Logging in with electronic signature tool#

Configuring the authentication method in the Admin console#

When using an electronic signature tool for authentication, you must:

  • in the Certificates setting block load the certificates of the certification authorities, confirming the authenticity of electronic signature key certificates and configure interaction with the external electronic signature verification service.

  • configure in the Compliance rules block the parameters of matching a user account in the storage by its attributes from an electronic signature certificate. Matching rules use substitution strings. For example, the cn=${SUBJECT.CN} rule means that the SUBJECT.CN attribute of the certificate will be compared to the cn attribute in the data store. It is possible to specify multiple conditions at the same time, as well as to specify alternative rules.

When configuring electronic signature login, you can also specify:

  • whether this method should be used as the first and second factor. If yes, a user authenticated by electronic signature will be considered to have passed two-factor authentication (see the figure below for an example setting);

  • whether to check the validity of the certificate. In this case, Blitz Identity Provider will use the revocation list distribution point (CRL) specified in the certificate to check if the certificate has been revoked. To activate this feature, check the checkbox Verify that the user's certificate has not been revoked;

  • whether to create (register) an account at the first login by e-signature. In this case, if the user is not found by certain matching rules, the user will be prompted to register an account. To enable this feature, you should check the checkbox Create an account if the user is not found by the electronic signature certificate and configure the user registration rules - how to fill in the attributes in the repository from the certificate attributes. You should use substitution strings to set the rules. For example, the email=${SUBJECT.E} rule means that the email attribute will store the e-mail from the user’s electronic signature certificate.

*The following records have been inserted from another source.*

(* Consider two GP-ASSMs (as defined in the context), built from the same training data, kernel and mean function, with maximum memory lengths $\overline m,\overline m'\in\mathbb{N}$, $\overline m'>\overline m$, evaluated along the same states and inputs $\bm\xi_{0:t}$, so that $\bm x_{t+1}^m\sim\mathcal N(\bm f_t(\bm\xi_t,\Xi^m_t),F_t(\bm\xi_t,\Xi^m_t))$ and $\bm x_{t+1}^{m'}\sim\mathcal N(\bm f_t(\bm\xi_t,\Xi^{m'}_t),F_t(\bm\xi_t,\Xi^{m'}_t))$. Then $$\operatorname{tr}\big(F_t(\bm\xi_t,\Xi^{m'}_t)\big)\le\operatorname{tr}\big(F_t(\bm\xi_t,\Xi^{m}_t)\big)$$ holds for all $t\in\mathbb{N}$.
   Context: Training set $\mathcal D=\{X,Y\}$ with input matrix $X\in\mathbb{R}^{n_\xi\times n_{\mathcal D}}$ and output matrix $Y\in\mathbb{R}^{n_{\mathcal D}\times n_x}$, outputs corrupted by Gaussian noise $\mathcal N(0,\sigma_n^2 I)$. A kernel $k:\mathbb{R}^{n_\xi}\times\mathbb{R}^{n_\xi}\to\mathbb{R}$ (symmetric, positive semidefinite) and a continuous mean function $m:\mathbb{R}^{n_\xi}\to\mathbb{R}$ are used for every output dimension. For matrices $A=[a_1,\dots,a_p]$, $B=[b_1,\dots,b_q]$ with columns in $\mathbb{R}^{n_\xi}$, $K(A,B)$ is the $p\times q$ matrix with entries $k(a_i,b_j)$, $\bm k(z,A)=(k(z,a_1),\dots,k(z,a_p))^\top$, $\bm m(A)=(m(a_1),\dots,m(a_p))^\top$, and $K:=K(X,X)$. GP-ASSM with maximum memory length $\overline m\in\mathbb{N}$: states $\bm x_t\in\mathbb{R}^{n_x}$, inputs $\bm u_t\in\mathbb{R}^{n_u}$, $\bm\xi_t=[\bm x_t;\bm u_t]\in\mathbb{R}^{n_\xi}$, $n_\xi=n_x+n_u$. For $t\in\mathbb{N}$ let $\underline m=\min(t,\overline m)$, memory $\Xi^m_t=[\bm\xi_{t-1},\dots,\bm\xi_{t-\underline m}]$ (empty if $\underline m=0$), $X^m_t=[X,\bm\xi_{t-\underline m},\dots,\bm\xi_{t-1}]$, $Y^m_t=[Y^\top,\bm x_{t-\underline m+1},\dots,\bm x_t]^\top$, and with $\Xi=[\bm\xi_{t-\underline m},\dots,\bm\xi_{t-1}]$, $K^m_t=\begin{bmatrix}K+\sigma_n^2I & K(X,\Xi)\\ K(\Xi,X)&K(\Xi,\Xi)\end{bmatrix}$ (and $K^m_t=K+\sigma_n^2 I$ if $\underline m=0$). Define $\bm f_t(\bm\xi_t,\Xi^m_t)\in\mathbb{R}^{n_x}$ with $i$-th component $m(\bm\xi_t)+\bm k(\bm\xi_t,X^m_t)^\top(K^m_t)^{-1}\big((Y^m_t)_{:,i}-\bm m(X^m_t)\big)$ and the diagonal matrix $F_t(\bm\xi_t,\Xi^m_t)$ with all diagonal entries $k(\bm\xi_t,\bm\xi_t)-\bm k(\bm\xi_t,X^m_t)^\top(K^m_t)^{-1}\bm k(\bm\xi_t,X^m_t)$ (inverses are Moore–Penrose pseudoinverses if singular). The GP-ASSM generates $\bm x^m_{t+1}\mid\bm\xi_{0:t}\sim\mathcal N(\bm f_t(\bm\xi_t,\Xi^m_t),F_t(\bm\xi_t,\Xi^m_t))$; quantities with superscript $m'$ are defined in the same way with $\overline m'$ in place of $\overline m$. *)

From HB Require Import structures.
From mathcomp Require Import all_boot all_order all_algebra.
From mathcomp Require Import boolp classical_sets reals topology normedtype.
Import numFieldNormedType.Exports.
Set Implicit Arguments. Unset Strict Implicit. Unset Printing Implicit Defensive.
Import Order.TTheory GRing.Theory Num.Theory.
Local Open Scope ring_scope.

../_images/dsg_prop_en.png

Using and updating the plug-in#

A special plugin - Blitz Smart Card Plugin - is used on users’ computers for correct operation of the e-signature login. When logging in by e-signature for the first time, the user will be prompted to install the plugin. After downloading the file and running it, the user should go through all the steps of the plugin installation. When logging in again from this device, the plugin will not need to be installed again.

Blitz Identity Provider comes with a version of the plugin that allows you to work with electronic signatures as an authentication method.

If you need to update the Blitz Smart Card Plugin version, you should replace the plugin distributions - they are located in the assets directory with the Blitz Identity Provider installation, in the assets.zip archive. The structure of the archive is as follows:

plugins/sc/deb/BlitzScPlugin.deb
plugins/sc/rpm/BlitzScPlugin.rpm
plugins/sc/win/BlitzScPlugin.msi
plugins/sc/mac/BlitzScPlugin.pkg
plugins/sc/mac/BlitzScPlugin-10.14.pkg
...

You need to unzip the assets.zip archive, replace the files with the plugin distribution and zip the files back to assets.zip.